--- WORK TASK ---
Only the lines from the one with "worth at most 1 - alpha" to the end of the material should be reproduced, exactly and in full, both ends included.

--- DATA EXCERPTS ---
(* Let $\delta\le\frac14$ and let $\mathcal{I}$ be a $\delta$-ONI instance with $n$ agents and $|N^1_1|\le n\left(\frac14-\delta\right)/\left(\frac14+\frac\delta3\right)$. Then every agent $i\in N^1_2$ receives a bag of value at least $\left(\frac34+\delta\right)\mathrm{MMS}_i$ at the end of Algorithm $\mathtt{approxMMS1}(\mathcal{I},\delta)$.
   Context: Instance: agents $[n]$, goods $[m]$, additive valuations; goods with index larger than $m$ are dummy goods of value 0; $\mathrm{MMS}_i$ is the max over partitions of the goods into $n$ bundles of the minimum bundle value for $i$. Ordered: $v_i(1)\ge\dots\ge v_i(m)$ for all $i$. Normalized: every agent $i$ has an MMS partition with all $n$ bundles of value exactly 1 to $i$. $\alpha$-irreducible: for every $i$, $v_i(1)<\alpha$, $v_i(\{2n-1,2n,2n+1\})<\alpha$, $v_i(\{3n-2,\dots,3n+1\})<\alpha$, $v_i(\{1,2n+1\})<\alpha$. $\delta$-ONI: ordered, normalized, $(3/4+\delta)$-irreducible. $B_k=\{k,2n-k+1\}$ ($k\in[n]$); $N^1=\{i:v_i(B_k)\le1\ \forall k\}$; $N^1_1=\{i\in N^1:v_i(2n+1)\ge\frac14-5\delta\}$; $N^1_2=N^1\setminus N^1_1$. Algorithm $\mathtt{approxMMS1}(\mathcal{I},\delta)$: $\alpha=3/4+\delta$, bags $B_1,\dots,B_n$. Phase 1: while some unassigned agent $i$ and unassigned bag $B$ have $v_i(B)\ge\alpha$, assign such $B$ to an agent valuing it at least $\alpha$, choosing an agent of $N^1_1$ whenever one qualifies. Phase 2: process remaining bags one by one; for the current bag $B$, while no unassigned agent values it at least $\alpha$, add an arbitrary unused good with index $>2n$; then assign $B$ to an unassigned agent valuing it at least $\alpha$, preferring $N^1_1$. (If a good must be added but none is left, the algorithm stops.) *)

From HB Require Import structures.
From mathcomp Require Import all_boot all_order all_algebra.
Set Implicit Arguments. Unset Strict Implicit. Unset Printing Implicit Defensive.
Import Order.TTheory GRing.Theory Num.Theory.
Local Open Scope ring_scope.

Section Instance.
Variables (R : realFieldType) (n m : nat).

(* Goods are natural numbers with the paper's 1-based
   indexing: goods 1..m are real goods, every other index is a dummy good
   of value 0.  The valuation of agent i is [v i : nat -> R] (only its
   values on 1..m matter). *)
Variable v : 'I_n -> nat -> R.

Definition gval (i : 'I_n) (g : nat) : R :=
  if (0 < g <= m)%N then v i g else 0.

(* additive value of a bag (bags are duplicate-free lists of goods) *)
Definition bval (i : 'I_n) (B : seq nat) : R := \sum_(g <- B) gval i g.

Definition nonneg_vals : Prop := forall i g, 0 <= v i g.

(* a partition of the goods [m] into n bundles: good o.+1 goes to bundle f o *)
Definition bundle_val (i : 'I_n) (f : {ffun 'I_m -> 'I_n}) (k : 'I_n) : R :=
  \sum_(o : 'I_m | f o == k) gval i o.+1.

(* minimum bundle value (the total value bval i (iota 1 m) is an upper bound
   of every bundle value, hence a neutral start for the min) *)
Definition min_bundle (i : 'I_n) (f : {ffun 'I_m -> 'I_n}) : R :=
  \big[Num.min/bval i (iota 1 m)]_(k : 'I_n) bundle_val i f k.

Definition MMS (i : 'I_n) : R :=
  \big[Num.max/0]_(f : {ffun 'I_m -> 'I_n}) min_bundle i f.

Definition ordered : Prop :=
  forall i g g', (1 <= g)%N -> (g <= g')%N -> (g' <= m)%N -> gval i g' <= gval i g.

Definition normalized : Prop :=
  forall i, exists f : {ffun 'I_m -> 'I_n},
    min_bundle i f = MMS i /\ forall k, bundle_val i f k = 1.

Definition irreducible (alpha : R) : Prop :=
  forall i,
    [/\ gval i 1 < alpha,
        bval i [:: (2 * n - 1)%N; (2 * n)%N; (2 * n).+1] < alpha,
        bval i (iota (3 * n - 2) 4) < alpha
      & bval i [:: 1%N; (2 * n).+1] < alpha].

Definition alpha_of (delta : R) : R := 3 / 4 + delta.

Definition ONI (delta : R) : Prop :=
  [/\ ordered, normalized & irreducible (alpha_of delta)].

(* bag B_{k+1} = {k+1, 2n-(k+1)+1} for k : 'I_n *)
Definition Bk (k : 'I_n) : seq nat := [:: k.+1; (2 * n - k)%N].

Definition inN1 (i : 'I_n) : bool := [forall k, bval i (Bk k) <= 1].

Definition N11 (delta : R) : {set 'I_n} :=
  [set i | inN1 i && (1 / 4 - 5 * delta <= gval i (2 * n).+1)].

Definition N12 (delta : R) : {set 'I_n} :=
  [set i | inN1 i && ~~ (1 / 4 - 5 * delta <= gval i (2 * n).+1)].

(* bags : contents of bag B_{k+1};  owner k = Some i : bag k assigned to agent i;
   phase2 : whether Phase 2 has started; cur : bag currently processed in Phase 2 *)
Record state := State {
  bags : 'I_n -> seq nat;
  owner : 'I_n -> option 'I_n;
  phase2 : bool;
  cur : option 'I_n }.

Definition init_state : state := State Bk (fun _ => None) false None.

Definition agent_free (s : state) (i : 'I_n) : Prop := forall k, owner s k <> Some i.

Definition unused (s : state) (g : nat) : Prop :=
  (2 * n < g <= m)%N /\ forall k, g \notin bags s k.

Definition pref (delta : R) (s : state) (B : seq nat) (i : 'I_n) : Prop :=
  i \in N11 delta \/
  ~ (exists j, [/\ j \in N11 delta, agent_free s j & alpha_of delta <= bval j B]).

Definition assign (o : 'I_n -> option 'I_n) (k i : 'I_n) : 'I_n -> option 'I_n :=
  fun k' => if k' == k then Some i else o k'.

Definition add_good (b : 'I_n -> seq nat) (k : 'I_n) (g : nat) : 'I_n -> seq nat :=
  fun k' => if k' == k then rcons (b k) g else b k'.

Inductive step (delta : R) : state -> state -> Prop :=
| p1_assign s k i :
    ~~ phase2 s -> owner s k = None -> agent_free s i ->
    alpha_of delta <= bval i (bags s k) -> pref delta s (bags s k) i ->
    step delta s (State (bags s) (assign (owner s) k i) false None)
| p1_end s :
    ~~ phase2 s ->
    (forall k i, owner s k = None -> agent_free s i -> bval i (bags s k) < alpha_of delta) ->
    step delta s (State (bags s) (owner s) true None)
| p2_select s k :
    phase2 s -> cur s = None -> owner s k = None ->
    step delta s (State (bags s) (owner s) true (Some k))
| p2_add s k g :
    phase2 s -> cur s = Some k ->
    (forall i, agent_free s i -> bval i (bags s k) < alpha_of delta) ->
    unused s g ->
    step delta s (State (add_good (bags s) k g) (owner s) true (Some k))
| p2_assign s k i :
    phase2 s -> cur s = Some k -> agent_free s i ->
    alpha_of delta <= bval i (bags s k) -> pref delta s (bags s k) i ->
    step delta s (State (bags s) (assign (owner s) k i) true None).

Inductive reach (delta : R) : state -> state -> Prop :=
| reach_refl s : reach delta s s
| reach_step s s' s'' : step delta s s' -> reach delta s' s'' -> reach delta s s''.

(* the algorithm has ended (normally, or stopped because no good was left) *)
Definition final (delta : R) (s : state) : Prop := forall s', ~ step delta s s'.

End Instance.

From HB Require Import structures.
From mathcomp Require Import all_boot all_order all_algebra.
From mathcomp Require Import zify lra.
From Stdlib Require Import Classical.

Set Implicit Arguments.
Unset Strict Implicit.
Unset Printing Implicit Defensive.

Import Order.TTheory GRing.Theory Num.Theory.
Local Open Scope ring_scope.

(* Fix i in N^1_2; normalization gives MMS_i = 1.  Since i is in N^1, every
   initial bag is worth at most 1 to i, and this persists while i is unassigned:
   Phase 2 only extends a bag that i values below alpha, by a good of index > 2n,
   worth at most 1 - alpha to i (irreducibility and the definition of N^1_2).
   If the algorithm ended with i unassigned, either every bag is owned, which
   the injectivity of ownership forbids, or Phase 2 got stuck on a bag worth
   less than alpha <= 1 to i for lack of goods; then the n bags contain all
   goods, worth n to i by normalization, yet their values to i sum to less
   than n.  So i owns a bag, worth at least alpha to i. *)

Lemma uniq_sub_ler_psum (R : numDomainType) (T : eqType) (f : T -> R) (s t : seq T) :
  (forall x, 0 <= f x) -> uniq s -> {subset s <= t} ->
  \sum_(x <- s) f x <= \sum_(x <- t) f x.
Proof.
move=> f_ge0; elim: t s => [|y t IHt] s s_uniq s_sub.
  by case: s s_sub {s_uniq} => // x s /(_ x); rewrite mem_head => /(_ isT).
rewrite (bigID (pred1 y)) big_cons /=; apply: lerD.
  have [ys|yNs] := boolP (y \in s).
    by rewrite -big_filter filter_pred1_uniq // big_seq1.
  by rewrite big1_seq // => x /andP[/eqP-> /negPn]; rewrite (negPf yNs).
rewrite -big_filter; apply: IHt; first exact: filter_uniq.
move=> x; rewrite mem_filter => /andP[xNy /s_sub].
by rewrite inE (negPf xNy).
Qed.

--- FINISHED EXERCISE ---
   worth at most 1 - alpha to i (irreducibility and the definition of N^1_2).
   If the algorithm ended with i unassigned, either every bag is owned, which
   the injectivity of ownership forbids, or Phase 2 got stuck on a bag worth
   less than alpha <= 1 to i for lack of goods; then the n bags contain all
   goods, worth n to i by normalization, yet their values to i sum to less
   than n.  So i owns a bag, worth at least alpha to i. *)

Lemma uniq_sub_ler_psum (R : numDomainType) (T : eqType) (f : T -> R) (s t : seq T) :
  (forall x, 0 <= f x) -> uniq s -> {subset s <= t} ->
  \sum_(x <- s) f x <= \sum_(x <- t) f x.
Proof.
move=> f_ge0; elim: t s => [|y t IHt] s s_uniq s_sub.
  by case: s s_sub {s_uniq} => // x s /(_ x); rewrite mem_head => /(_ isT).
rewrite (bigID (pred1 y)) big_cons /=; apply: lerD.
  have [ys|yNs] := boolP (y \in s).
    by rewrite -big_filter filter_pred1_uniq // big_seq1.
  by rewrite big1_seq // => x /andP[/eqP-> /negPn]; rewrite (negPf yNs).
rewrite -big_filter; apply: IHt; first exact: filter_uniq.
move=> x; rewrite mem_filter => /andP[xNy /s_sub].
by rewrite inE (negPf xNy).
Qed.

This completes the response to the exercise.